From Hi-C Contact Map to Three-dimensional Organization of Interphase Human Chromosomes

TL;DR

This paper introduces HIPPS, a novel theory that derives three-dimensional chromosome structures directly from Hi-C contact maps using polymer physics and maximum entropy principles, revealing heterogeneity in chromosome conformations.

Contribution

The HIPPS method provides a model-free approach to reconstruct 3D chromosome structures solely from contact maps, advancing understanding of chromosome organization.

Findings

Heterogeneous chromosome conformations within single cell types.

Quantitative differences in chromosome structure between normal and cancerous cells.

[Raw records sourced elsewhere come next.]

(* [2 * 2 ^- nchecks (size u)] is the total passing probability of the blocks
   [j >= size u], none of which has started. *)
Definition fail_bound (R : realType) (u : seq bool) : R :=
  1 - 2 * 2 ^- nchecks (size u) - \sum_(j < size u) pass_prob R j u.

Section FailBound.
Variable R : realType.

Lemma pass_prob_ge0 j u : 0 <= pass_prob R j u.
Proof. by rewrite mulr_ge0 ?pow2V_ge0 ?ler0n. Qed.

Lemma pass_prob_unseen j u : (size u <= block_start j + 2 ^ nchecks j)%N ->
  pass_prob R j u = 2 ^- nchecks j.
Proof.
move=> le_u; rewrite /pass_prob /checks_seen.
have /eqP -> : (size u - (block_start j + 2 ^ nchecks j) == 0)%N by rewrite subn_eq0.
by rewrite minn0 subn0 mulr1.
Qed.

Lemma pass_prob_complete j u : (block_start j.+1 <= size u)%N ->
  pass_prob R j u = (checks_pass j (nth false u) (nchecks j))%:R.
Proof.
rewrite /pass_prob block_startS => le_u; have -> : checks_seen j (size u) = nchecks j.
  apply/minn_idPl; rewrite leq_subRL; first exact: le_u.
  exact: leq_trans (leq_addr _ _) le_u.
by rewrite subnn expr0 invr1 mul1r.
Qed.

Lemma checks_pass_rcons j u b i : (check_pos j i = size u) ->
  checks_pass j (nth false (rcons u b)) i.+1 =
  checks_pass j (nth false u) i && (b == syndrome j (nth false u) i).
Proof.
move=> pos_i; rewrite /checks_pass -addn1 iotaD all_cat /= andbT add0n.
have prefix_eq p : (p < size u)%N -> nth false (rcons u b) p = nth false u p.
  by move=> lt_p; rewrite nth_rcons lt_p.
congr andb; first by apply: checks_pass_ext => p; rewrite pos_i => /prefix_eq.
rewrite pos_i nth_rcons ltnn eqxx; congr (_ == _); apply: syndrome_ext => p lt_p.
by apply: prefix_eq; rewrite -pos_i (leq_trans lt_p) ?leq_addr.
Qed.

Lemma pass_prob_rcons j u :
  pass_prob R j (rcons u false) + pass_prob R j (rcons u true) = 2 * pass_prob R j u.
Proof.
have [lt_u | le_u] := ltnP (size u) (block_start j + 2 ^ nchecks j).
  by rewrite !pass_prob_unseen ?size_rcons ?(ltnW lt_u) //; ring.
have [lt_u' | le_u'] := ltnP (size u) (block_start j.+1); last first.
  rewrite !pass_prob_complete ?size_rcons ?(leqW le_u') //.
  have same b : checks_pass j (nth false (rcons u b)) (nchecks j) =
                checks_pass j (nth false u) (nchecks j).
    apply: checks_pass_ext => p; rewrite -block_startS => lt_p.
    by rewrite nth_rcons (leq_trans lt_p le_u').
  by rewrite !same; ring.
set i := (size u - (block_start j + 2 ^ nchecks j))%N.
have lt_i : (i < nchecks j)%N by rewrite ltn_subLR // -block_startS.
have pos_i : check_pos j i = size u by rewrite /check_pos subnKC.
have seen_u : checks_seen j (size u) = i by apply/minn_idPr/ltnW.
have seen_u1 : checks_seen j (size u).+1 = i.+1.
  by rewrite /checks_seen subSn //; apply/minn_idPr.
rewrite /pass_prob !size_rcons seen_u seen_u1 !checks_pass_rcons //.
rewrite -(subnSK lt_i) pow2VS.
by case: checks_pass; case: syndrome; rewrite /= ?mulr0 ?mulr1 ?addr0 ?add0r; field.
Qed.

Lemma fail_bound_rcons u :
  fail_bound R (rcons u false) + fail_bound R (rcons u true) = 2 * fail_bound R u.
Proof.
have fresh b : pass_prob R (size u) (rcons u b) = 2 ^- nchecks (size u).
  by rewrite pass_prob_unseen // size_rcons -addn1 leq_add ?leq_block_start ?expn_gt0.
have old : \sum_(j < size u) pass_prob R j (rcons u false) +
    \sum_(j < size u) pass_prob R j (rcons u true) = 2 * \sum_(j < size u) pass_prob R j u.
  by rewrite -big_split mulr_sumr; apply: eq_bigr => j _; apply: pass_prob_rcons.
move: old; rewrite /fail_bound !size_rcons !big_ord_recr /= !fresh.
rewrite [nchecks (size u).+1]/nchecks addSn pow2VS; lra.
Qed.

Lemma fail_bound_submart u :
  2 * fail_bound R u <= fail_bound R (rcons u false) + fail_bound R (rcons u true).
Proof. by rewrite fail_bound_rcons. Qed.

Lemma fail_bound_nil : fail_bound R [::] = 3 / 4.
Proof. by rewrite /fail_bound big_ord0 /=; field. Qed.

Lemma fail_bound_le1 u : fail_bound R u <= 1.
Proof.
have : 0 <= \sum_(j < size u) pass_prob R j u.
  by apply: sumr_ge0 => j _; apply: pass_prob_ge0.
by have := pow2V_ge0 R (nchecks (size u)); rewrite /fail_bound; lra.
Qed.

Lemma fail_bound_pos_checks u j : 0 < fail_bound R u ->
  (block_start j.+1 <= size u)%N -> ~~ checks_pass j (nth false u) (nchecks j).
Proof.
move=> pos le_u; have lt_j : (j < size u)%N := leq_trans (leq_block_start _) le_u.
apply/negP => pass; move: pos; rewrite /fail_bound (bigD1 (Ordinal lt_j)) //=.
rewrite pass_prob_complete // pass /= mulr1n.
have : 0 <= \sum_(k < size u | k != Ordinal lt_j) pass_prob R k u.
  by apply: sumr_ge0 => k _; apply: pass_prob_ge0.
by have := pow2V_ge0 R (nchecks (size u)); lra.
Qed.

Predicted chromosome volumes align well with experimental data.

Abstract

The probability of two loci, separated by a certain genome length, being in contact can be inferred using the Chromosome Conformation Capture (3C) method and related Hi-C experiments. How to go from the contact map, a matrix listing the mean contact probabilities between a large number of pairs of loci, to an ensemble of three-dimensional structures is an open problem. A solution to this problem, without assuming an assumed energy function, would be the first step in understanding the way nature has solved the packaging of chromosomes in tight cellular spaces. We created a theory, based on polymer physics characteristics of chromosomes and the maximum entropy principles, referred to as HIPPS (Hi-C-Polymer-Physics-Structures) method, that allows us to calculate the 3D structures solely from Hi-C contact maps. We created an ensemble of 3D structures for the 23 chromosomes from lymphoblastoid cells using the measured contact maps as inputs. The HIPPS method shows that conformations of chromosomes are heterogeneous even in a single cell type. The differences in the conformational heterogeneity of the same chromosome in different cell types (normal as well as cancerous cells) can also be quantitatively discerned using our theory. We validate the method by showing that the calculated volumes of the 23 chromosomes from the predicted 3D structures are in good agreement with experimental estimates. Because the method is general, the 3D structures for any species may be calculated directly from the contact map without the need to assume a specific polymer model, as is customarily done.